– Символа. Напоминает бомбардон, только длинный и узкий. Как вас зовут?
– Эгон Вюрфли. Владелец некогда знаменитой балетной школы Вюрфли в Цюрихе.
Господин Вюрфли все записал добросовестно в дневник. Мясник меж тем с нежностью взирал на желтый кофр, к ручке которого была привешена картонка с надписью «Горчев». Хорошо этим музыкантам, а вот он явился в легион в одной рубашке, без куска мыла и расчески. Повздыхал, направился во двор и оцепенел: Тинторетто беседовал с генералом.
3
Горчева позвали, потому что с ним хотел говорить генерал де Бертэн. Возле генерала стоял Лабу. Они приехали на машине, а дорогой вели жаркие споры.
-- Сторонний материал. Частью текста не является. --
(* (i) There is a function $\delta:\mathbb{N}\to[0,\infty)$ with $\delta(n)\to 0$ as $n\to\infty$ such that for every positive integer $n$ for which a Hadamard matrix of order $n+1$ exists, there exists a real orthogonal $n\times n$ matrix $M=(m_{i,j})$ with $(1-\delta(n))\frac{1}{\sqrt{n}}\le |m_{i,j}|\le (1+\delta(n))\frac{1}{\sqrt{n}}$ for all $i,j$ (i.e. all entries have modulus $(1+o(1))\frac{1}{\sqrt{n}}$). In particular, this is the case if $n=p^r$ where $p$ is a prime with $p\equiv 3 \pmod 4$ and $r$ is odd. (ii) If $n$ is a prime with $n\equiv 3\pmod 4$, then the matrix $M$ in (i) can be chosen to be circulant.
   Context: A Hadamard matrix of order $N$ is an $N\times N$ matrix with entries in $\{+1,-1\}$ whose rows are pairwise orthogonal. A matrix $M=(m_{i,j})_{i,j\in\mathbb{Z}_n}$ is circulant if $m_{i,j}$ depends only on $j-i \bmod n$. *)

From HB Require Import structures.
From mathcomp Require Import all_boot all_order all_algebra.
From mathcomp Require Import all_classical all_reals all_analysis.
Set Implicit Arguments. Unset Strict Implicit. Unset Printing Implicit Defensive.
Import Order.TTheory GRing.Theory Num.Theory.
Local Open Scope ring_scope.

Definition is_hadamard (N : nat) (H : 'M[int]_N) : Prop :=
  (forall i j, H i j = 1 \/ H i j = -1) /\
  (forall i i' : 'I_N, i != i' -> \sum_(k < N) H i k * H i' k = 0).

Definition hadamard_exists (N : nat) : Prop := exists H : 'M[int]_N, is_hadamard H.

Definition orthogonal_mx (R : realType) (n : nat) (M : 'M[R]_n) : Prop :=
  M *m M^T = 1%:M.

Definition circulant (R : realType) (n : nat) (M : 'M[R]_n) : Prop :=
  forall i j i' j' : 'I_n, ((j + n - i) %% n = (j' + n - i') %% n)%N ->
    M i j = M i' j'.

Definition entries_near (R : realType) (n : nat) (d : R) (M : 'M[R]_n) : Prop :=
  forall i j, (1 - d) / Num.sqrt (n%:R) <= `|M i j| /\
              `|M i j| <= (1 + d) / Num.sqrt (n%:R).

From HB Require Import structures.
From mathcomp Require Import all_boot all_order all_algebra all_field.
From mathcomp Require Import all_classical all_reals all_analysis.
From mathcomp Require Import ring lra zify.
Set Implicit Arguments. Unset Strict Implicit. Unset Printing Implicit Defensive.
Import Order.TTheory GRing.Theory Num.Theory.
Import numFieldNormedType.Exports.
Local Open Scope classical_set_scope.
Local Open Scope ring_scope.

(* Deleting the first row and column of a normalized Hadamard matrix of order
   n + 1 leaves a ±1 matrix C with C J = -J and C C^T = (n + 1) I - J.  With
   s = sqrt (n + 1), the matrix C / s + J / (s (s - 1)) is orthogonal, and its
   entries 1 / (s - 1) and (2 - s) / (s (s - 1)) both have modulus
   (1 + O(1 / s)) / sqrt n.  When q = 3 mod 4 is a prime power, the Paley matrix
   (the quadratic character of y - x, with -1 on the diagonal) is such a core,
   by the Jacobsthal identity sum_x chi(x) chi(x + d) = -1 for d != 0; when q is
   prime its rows and columns are indexed by Z/q and it is circulant. *)

Section RescaledCore.
Variable R : realType.

Definition hadamard_core n (C : 'M[R]_n) : Prop :=
  [/\ forall i j, C i j = 1 \/ C i j = -1,
      forall i, \sum_k C i k = -1 &
      forall i i', \sum_k C i k * C i' k = (i == i')%:R * n.+1%:R - 1].

(* With s = sqrt (n+1), the rows of C / s have squared norm n/(n+1) and pairwise inner
   products -1/(n+1); adding 1/(s(s-1)) to every entry corrects both. *)
Definition rescale_core n (C : 'M[R]_n) : 'M[R]_n :=
  let s := Num.sqrt n.+1%:R in \matrix_(i, j) (C i j / s + (s * (s - 1))^-1).

Definition core_delta (n : nat) : R := 2 / (Num.sqrt n.+1%:R - 1).

Lemma sqrt_nat_sqr n : Num.sqrt (n%:R : R) ^+ 2 = n%:R.
Proof. by rewrite sqr_sqrtr ?ler0n. Qed.

Lemma sqrt_nat_gt1 n : (1 < n)%N -> 1 < Num.sqrt (n%:R : R).
Proof.
by move=> n_gt1; rewrite -[X in X < _]sqrtr1 ltr_sqrt ?ltr1n // ltr0n (ltn_trans _ n_gt1).
Qed.

Lemma sum_affine_dot m (x y : 'I_m -> R) (a b : R) :
  \sum_k (x k * a + b) * (y k * a + b) =
  (\sum_k x k * y k) * a ^+ 2 + (\sum_k x k + \sum_k y k) * (a * b) + b ^+ 2 *+ m.
Proof.
rewrite -[X in b ^+ 2 *+ X](card_ord m) -sumr_const mulrDl !mulr_suml -!big_split /=.
by apply: eq_bigr => k _; ring.
Qed.

Lemma rescale_core_orthogonal n (C : 'M[R]_n) :
  hadamard_core C -> orthogonal_mx (rescale_core C).
Proof.
case: n C => [|n] C [_ row_sum row_dot]; first by apply/matrixP => -[].
apply/matrixP => i i'; rewrite !mxE.
under eq_bigr do rewrite !mxE.
rewrite sum_affine_dot row_dot !row_sum.
have s_gt1 : 1 < Num.sqrt (n.+2%:R : R) by rewrite sqrt_nat_gt1.
have s_sqr := sqrt_nat_sqr n.+2.
move: s_gt1 s_sqr; set s := Num.sqrt _ => s_gt1 s_sqr.
have s_neq0 : s != 0 by rewrite gt_eqF // (lt_trans ltr01).
have s1_neq0 : s - 1 != 0 by rewrite subr_eq0 gt_eqF.
rewrite -[_ *+ n.+1]mulr_natr -[n.+1%:R](addrK 1) natr1 -s_sqr.
by case: (i == i'); rewrite /= ?mul1r ?mul0r; field; rewrite s_neq0 s1_neq0.
Qed.

Lemma rescale_entry_bounds (s t : R) : 0 < t -> 1 < s -> s ^+ 2 = t ^+ 2 + 1 ->
  (1 - 2 / (s - 1)) / t <= s^-1 - (s * (s - 1))^-1 /\
  s^-1 + (s * (s - 1))^-1 <= (1 + 2 / (s - 1)) / t.
Proof.
move=> t_gt0 s_gt1 st.
have s_gt0 : 0 < s by rewrite (lt_trans ltr01).
have s1_gt0 : 0 < s - 1 by rewrite subr_gt0.
have [s_neq0 s1_neq0 t_neq0] := And3 (gt_eqF s_gt0) (gt_eqF s1_gt0) (gt_eqF t_gt0).
have den_gt0 : 0 < (s * (s - 1) * t)^-1 by rewrite invr_gt0 !mulr_gt0.
split.
- have -> : (1 - 2 / (s - 1)) / t = (s * (s - 3)) * (s * (s - 1) * t)^-1.
    by field; rewrite s_neq0 s1_neq0 t_neq0.
  have -> : s^-1 - (s * (s - 1))^-1 = (t * (s - 2)) * (s * (s - 1) * t)^-1.
    by field; rewrite s_neq0 s1_neq0 t_neq0.
  by rewrite ler_pM2r //; nra.
- have -> : s^-1 + (s * (s - 1))^-1 = (s * t) * (s * (s - 1) * t)^-1.
    by field; rewrite s_neq0 s1_neq0 t_neq0.
  have -> : (1 + 2 / (s - 1)) / t = (s * (s + 1)) * (s * (s - 1) * t)^-1.
    by field; rewrite s_neq0 s1_neq0 t_neq0.
  by rewrite ler_pM2r //; nra.
Qed.

Lemma rescale_core_entries_near n (C : 'M[R]_n) :
  (forall i j, C i j = 1 \/ C i j = -1) -> entries_near (core_delta n) (rescale_core C).
Proof.
case: n C => [|n] C C_sign; first by case.
move=> i j; rewrite /rescale_core /core_delta mxE.
set s := Num.sqrt n.+2%:R; set t := Num.sqrt n.+1%:R.
have t_gt0 : 0 < t by rewrite sqrtr_gt0 ltr0n.
have s_gt1 : 1 < s by rewrite sqrt_nat_gt1.
have st : s ^+ 2 = t ^+ 2 + 1 by rewrite !sqrt_nat_sqr -natr1.
(* The entry is ±1/s + b with b >= 0, so its modulus lies in [1/s - b, 1/s + b]. *)
have [lower upper] := rescale_entry_bounds t_gt0 s_gt1 st.
have b_ge0 : 0 <= (s * (s - 1))^-1.
  by rewrite invr_ge0 ltW // mulr_gt0 ?subr_gt0 // (lt_trans ltr01).
have Cs_norm : `|C i j / s| = s^-1.
  rewrite normrM normfV (gtr0_norm (lt_trans ltr01 s_gt1)).
  by case: (C_sign i j) => ->; rewrite ?normrN normr1 mul1r.
split.
- apply: le_trans lower _; rewrite -[X in X - _ <= _]Cs_norm.
  by rewrite -[X in _ - X <= _]ger0_norm // lerB_normD.
- apply: le_trans upper; rewrite -[X in _ <= X + _]Cs_norm.
  by rewrite -[X in _ <= _ + X]ger0_norm // ler_normD.
Qed.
– Говорю тебе, Горчев числится в списках. Мне сообщили по телефону.
– А я тебе говорю, что это он провернул дело с автомобилем. Такого кошмарного монокля больше ни у кого быть не может.
– Он вчера вечером отметился в Марселе. Не мог же он одновременно находиться и в Тулоне.
Черный ободок, который Лабу вертел в пальцах, имел трещину с одного бока.
Генерал махнул рукой часовому, чтобы его не встречали трубным раскатом, и велел вызвать Горчева, который тут же и явился.
– Вы идиот, – накинулся на него Лабу. – Вы окончательно спятили!
– Прошу вас, – Горчев принялся расстегивать мундир, – возле склада есть маленький пустой подвал, и мы спокойно выясним отношения.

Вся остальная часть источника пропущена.